> _Supplied data_:
(* Let $a,b,c,d$ be nonnegative integers and let $\kappa,\lambda\subseteq\Box_{a+c,b+d}$ be partitions with $\ell(\kappa)\le a$ and $\lambda_1\le b$. Work in the cohomology ring of $G(a+c,b+d)$. (1) If $|\kappa|+|\lambda|>ad+ab+cb$, then $\sigma_\kappa\cdot\sigma_\lambda=0$. (2) If $|\kappa|+|\lambda|=ad+ab+cb$ and $\sigma_\kappa\cdot\sigma_\lambda\neq0$, then $\sigma_\kappa\cdot\sigma_\lambda=\sigma_{\Box_{c,d}^\vee}$, where $\Box_{c,d}^\vee$ is the complement of $\Box_{c,d}$ in $\Box_{a+c,b+d}$ (the partition with $a$ parts equal to $b+d$ followed by $c$ parts equal to $b$), and there is a partition $\alpha\subseteq\Box_{a,b}$ such that $\kappa=\Box_{a,d}+\alpha$ and $\lambda=(\Box_{c,b},\alpha^\vee)$, where $\alpha^\vee$ is the complement of $\alpha$ in $\Box_{a,b}$.
   Context: Partitions: weakly decreasing finite sequences of positive integers $\lambda_1\ge\dots\ge\lambda_k>0$, with $\lambda_i:=0$ for $i>k$, $\ell(\lambda)=k$, $|\lambda|=\sum\lambda_i$; $\lambda\subseteq\mu$ means $\lambda_i\le\mu_i$ for all $i$. $\Box_{a,b}$ is the partition with $a$ parts equal to $b$. $\mu+\nu$ has $k$-th part $\mu_k+\nu_k$; $(\mu,\nu)$ is the decreasing rearrangement of the concatenated parts of $\mu$ and $\nu$. For $\lambda\subseteq\Box_{a,b}$, its complement in $\Box_{a,b}$ is the partition $\lambda^\vee\subseteq\Box_{a,b}$ with $\lambda^\vee_i=b-\lambda_{a+1-i}$ for $i=1,\dots,a$. $G(a,b)$ is the Grassmannian of $a$-dimensional subspaces of $\mathbb{C}^{a+b}$. Its cohomology ring has $\mathbb{Z}$-basis the Schubert classes $\sigma_\lambda$, $\lambda\subseteq\Box_{a,b}$ (the class of the Schubert variety $\Omega_\lambda F_\bullet=\{H: \dim H\cap F_{b+i-\lambda_i}\ge i,\ i=1,\dots,a\}$ for a complete flag $F_\bullet$); the map from symmetric functions sending the Schur function $S_\lambda$ to $\sigma_\lambda$ if $\lambda\subseteq\Box_{a,b}$ and to $0$ otherwise is a surjective ring homomorphism, so products of Schubert classes are computed by Littlewood-Richardson coefficients, discarding partitions not contained in $\Box_{a,b}$. $\sigma_{\Box_{a,b}}$ is the class of a point. *)

From mathcomp Require Import all_boot.
Set Implicit Arguments. Unset Strict Implicit. Unset Printing Implicit Defensive.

> _Problem details_:
Give again, word for word, every line from the one holding "From mathcomp Require Import all_boot." to the end of the data.

> _Problem solution_:
From mathcomp Require Import all_boot.
Set Implicit Arguments. Unset Strict Implicit. Unset Printing Implicit Defensive.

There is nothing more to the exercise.